*** Opening of ENTRIES SUPPLIED ***

Definition trmx_on (tau : {set 'I_N}) (k : 'I_N) (j : 'I_M) : 'M[C]_(d k) :=
  if k \in tau then (A k j)^T else A k j.

Definition mlop D (T : mlcoef R N M D) (tau : {set 'I_N}) (i : 'I_D) : op :=
  fun x y => \sum_(s : midx) (T i s)%:C%C * tens (fun k => trmx_on tau k (s k)) x y.

Definition anticomm (s t : midx) (k : 'I_N) : 'M[C]_(d k) :=
  A k (t k) *m A k (s k) + A k (s k) *m A k (t k).

Lemma trprod_ptrans_mlop D (T : mlcoef R N M D) rho tau i :
  trprod (ptrans tau rho) (mlop T tau i) = corr T rho i.
Proof.
rewrite /mlop trprod_comb; apply: eq_bigr => s _; congr (_ * _).
exact: (trprod_ptrans_tens tau rho (fun k => A k (s k))).
Qed.

Hypothesis A_herm : forall k j, hermitian_mx (A k j).

Lemma hermitian_mlop D (T : mlcoef R N M D) tau i : hermitian_op (mlop T tau i).
Proof.
apply: hermitian_real_comb => s; apply: hermitian_tens => k i1 i2.
by rewrite /trmx_on; case: (k \in tau); rewrite ?mxE; apply: A_herm.
Qed.

Lemma corr_real D (T : mlcoef R N M D) rho i :
  hermitian_op rho -> corr T rho i \is Num.real.
Proof.
move=> rho_herm; apply: rpred_sum => s _; apply: rpredM; first exact: real_complex_real.
by apply: trprod_real => //; apply: hermitian_tens.
Qed.

Lemma trprod_ptrans_mlop_sqr D (T : mlcoef R N M D) rho tau i :
  trprod (ptrans tau rho) (opmul (mlop T tau i) (mlop T tau i)) =
  \sum_(s : midx) (T i s)%:C%C * \sum_(t : midx) (T i t)%:C%C *
    trprod rho (tens (fun k => if k \in tau then A k (t k) *m A k (s k)
                               else A k (s k) *m A k (t k))).
Proof.
rewrite (eq_trprod _ (opmul_comb _ _)) trprod_comb; apply: eq_bigr => s _.
congr (_ * _); rewrite trprod_comb; apply: eq_bigr => t _; congr (_ * _).
rewrite (eq_trprod _ (tensM _ _)) -(trprod_ptrans_tens tau rho); apply: eq_trprod => x y.
by apply: eq_bigr => k _; rewrite /trmx_on; case: (k \in tau); rewrite ?trmx_mul.
Qed.

Lemma sum_ptrans_mlop_sqr D (T : mlcoef R N M D) rho :
  \sum_(tau : {set 'I_N}) \sum_i
    trprod (ptrans tau rho) (opmul (mlop T tau i) (mlop T tau i))
  = \sum_(s : midx) \sum_(t : midx)
      (\sum_i T i s * T i t)%:C%C * trprod rho (tens (anticomm s t)).
Proof.
rewrite exchange_big /=; under eq_bigr do under eq_bigr do rewrite trprod_ptrans_mlop_sqr.
under eq_bigr do under eq_bigr do under eq_bigr do rewrite mulr_sumr.
under eq_bigr do rewrite exchange_big; under eq_bigr do under eq_bigr do rewrite exchange_big.
under eq_bigr do under eq_bigr do under eq_bigr do
  rewrite -mulr_sumr -mulr_sumr sum_subsets_trprod_tens.
rewrite exchange_big; under eq_bigr do rewrite exchange_big.
apply: eq_bigr => s _; apply: eq_bigr => t _.
rewrite rmorph_sum mulr_suml; apply: eq_bigr => i _.
by rewrite rmorphM mulrA.
Qed.

Lemma gram_defect_anticomm D (T : mlcoef R N M D) rho : norm_preserving T ->
  \sum_(s : midx) \sum_(t : midx)
    gram_defect T s t * trprod rho (tens (anticomm s t)) = 0.
Proof.
move=> T_np.
pose b x y k u v := (A k v *m A k u + A k u *m A k v) (y k) (x k).
transitivity (\sum_x \sum_y rho x y * mlform (gram_defect T) (b x y)).
  rewrite /trprod.
  under eq_bigr do under eq_bigr do rewrite mulr_sumr.
  under eq_bigr do under eq_bigr do under eq_bigr do rewrite mulr_sumr.
  under eq_bigr do rewrite exchange_big.
  under eq_bigr do under eq_bigr do rewrite exchange_big.
  rewrite exchange_big; under eq_bigr do rewrite exchange_big.
  apply: eq_bigr => x _; apply: eq_bigr => y _.
  rewrite /mlform mulr_sumr; apply: eq_bigr => s _.
  rewrite mulr_sumr; apply: eq_bigr => t _.
  by rewrite mulrCA.
apply: big1 => x _; apply: big1 => y _.
rewrite (mlform_sym_eq0 (mlform_gram_defect_rank1 T_np)) ?mulr0 // => k u v.
by rewrite /b addrC.
Qed.

Lemma sum_gram_anticomm D (T : mlcoef R N M D) rho : norm_preserving T ->
  \sum_(s : midx) \sum_(t : midx)
    (\sum_i T i s * T i t)%:C%C * trprod rho (tens (anticomm s t))
  = \sum_(s : midx) trprod rho (tens (anticomm s s)).
Proof.
move=> T_np; transitivity (\sum_(s : midx) \sum_(t : midx)
    (gram_defect T s t + (t == s)%:R) * trprod rho (tens (anticomm s t))).
  apply: eq_bigr => s _; apply: eq_bigr => t _.
  by rewrite /gram_defect eq_sym subrK.
under eq_bigr do under eq_bigr do rewrite mulrDl.
under eq_bigr do rewrite big_split /= sumr_delta_l.
by rewrite big_split /= gram_defect_anticomm // add0r.
Qed.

*** Close of ENTRIES SUPPLIED ***

INSTRUCTIONS FOR THE TASK:
The data above must be restated word for word.

RESULT OF THIS EXERCISE:
Definition trmx_on (tau : {set 'I_N}) (k : 'I_N) (j : 'I_M) : 'M[C]_(d k) :=
  if k \in tau then (A k j)^T else A k j.

Definition mlop D (T : mlcoef R N M D) (tau : {set 'I_N}) (i : 'I_D) : op :=
  fun x y => \sum_(s : midx) (T i s)%:C%C * tens (fun k => trmx_on tau k (s k)) x y.

Definition anticomm (s t : midx) (k : 'I_N) : 'M[C]_(d k) :=
  A k (t k) *m A k (s k) + A k (s k) *m A k (t k).

Lemma trprod_ptrans_mlop D (T : mlcoef R N M D) rho tau i :
  trprod (ptrans tau rho) (mlop T tau i) = corr T rho i.
Proof.
rewrite /mlop trprod_comb; apply: eq_bigr => s _; congr (_ * _).
exact: (trprod_ptrans_tens tau rho (fun k => A k (s k))).
Qed.

Hypothesis A_herm : forall k j, hermitian_mx (A k j).

Lemma hermitian_mlop D (T : mlcoef R N M D) tau i : hermitian_op (mlop T tau i).
Proof.
apply: hermitian_real_comb => s; apply: hermitian_tens => k i1 i2.
by rewrite /trmx_on; case: (k \in tau); rewrite ?mxE; apply: A_herm.
Qed.

Lemma corr_real D (T : mlcoef R N M D) rho i :
  hermitian_op rho -> corr T rho i \is Num.real.
Proof.
move=> rho_herm; apply: rpred_sum => s _; apply: rpredM; first exact: real_complex_real.
by apply: trprod_real => //; apply: hermitian_tens.
Qed.

Lemma trprod_ptrans_mlop_sqr D (T : mlcoef R N M D) rho tau i :
  trprod (ptrans tau rho) (opmul (mlop T tau i) (mlop T tau i)) =
  \sum_(s : midx) (T i s)%:C%C * \sum_(t : midx) (T i t)%:C%C *
    trprod rho (tens (fun k => if k \in tau then A k (t k) *m A k (s k)
                               else A k (s k) *m A k (t k))).
Proof.
rewrite (eq_trprod _ (opmul_comb _ _)) trprod_comb; apply: eq_bigr => s _.
congr (_ * _); rewrite trprod_comb; apply: eq_bigr => t _; congr (_ * _).
rewrite (eq_trprod _ (tensM _ _)) -(trprod_ptrans_tens tau rho); apply: eq_trprod => x y.
by apply: eq_bigr => k _; rewrite /trmx_on; case: (k \in tau); rewrite ?trmx_mul.
Qed.

Lemma sum_ptrans_mlop_sqr D (T : mlcoef R N M D) rho :
  \sum_(tau : {set 'I_N}) \sum_i
    trprod (ptrans tau rho) (opmul (mlop T tau i) (mlop T tau i))
  = \sum_(s : midx) \sum_(t : midx)
      (\sum_i T i s * T i t)%:C%C * trprod rho (tens (anticomm s t)).
Proof.
rewrite exchange_big /=; under eq_bigr do under eq_bigr do rewrite trprod_ptrans_mlop_sqr.
under eq_bigr do under eq_bigr do under eq_bigr do rewrite mulr_sumr.
under eq_bigr do rewrite exchange_big; under eq_bigr do under eq_bigr do rewrite exchange_big.
under eq_bigr do under eq_bigr do under eq_bigr do
  rewrite -mulr_sumr -mulr_sumr sum_subsets_trprod_tens.
rewrite exchange_big; under eq_bigr do rewrite exchange_big.
apply: eq_bigr => s _; apply: eq_bigr => t _.
rewrite rmorph_sum mulr_suml; apply: eq_bigr => i _.
by rewrite rmorphM mulrA.
Qed.

Lemma gram_defect_anticomm D (T : mlcoef R N M D) rho : norm_preserving T ->
  \sum_(s : midx) \sum_(t : midx)
    gram_defect T s t * trprod rho (tens (anticomm s t)) = 0.
Proof.
move=> T_np.
pose b x y k u v := (A k v *m A k u + A k u *m A k v) (y k) (x k).
transitivity (\sum_x \sum_y rho x y * mlform (gram_defect T) (b x y)).
  rewrite /trprod.
  under eq_bigr do under eq_bigr do rewrite mulr_sumr.
  under eq_bigr do under eq_bigr do under eq_bigr do rewrite mulr_sumr.
  under eq_bigr do rewrite exchange_big.
  under eq_bigr do under eq_bigr do rewrite exchange_big.
  rewrite exchange_big; under eq_bigr do rewrite exchange_big.
  apply: eq_bigr => x _; apply: eq_bigr => y _.
  rewrite /mlform mulr_sumr; apply: eq_bigr => s _.
  rewrite mulr_sumr; apply: eq_bigr => t _.
  by rewrite mulrCA.
apply: big1 => x _; apply: big1 => y _.
rewrite (mlform_sym_eq0 (mlform_gram_defect_rank1 T_np)) ?mulr0 // => k u v.
by rewrite /b addrC.
Qed.

Lemma sum_gram_anticomm D (T : mlcoef R N M D) rho : norm_preserving T ->
  \sum_(s : midx) \sum_(t : midx)
    (\sum_i T i s * T i t)%:C%C * trprod rho (tens (anticomm s t))
  = \sum_(s : midx) trprod rho (tens (anticomm s s)).
Proof.
move=> T_np; transitivity (\sum_(s : midx) \sum_(t : midx)
    (gram_defect T s t + (t == s)%:R) * trprod rho (tens (anticomm s t))).
  apply: eq_bigr => s _; apply: eq_bigr => t _.
  by rewrite /gram_defect eq_sym subrK.
under eq_bigr do under eq_bigr do rewrite mulrDl.
under eq_bigr do rewrite big_split /= sumr_delta_l.
by rewrite big_split /= gram_defect_anticomm // add0r.
Qed.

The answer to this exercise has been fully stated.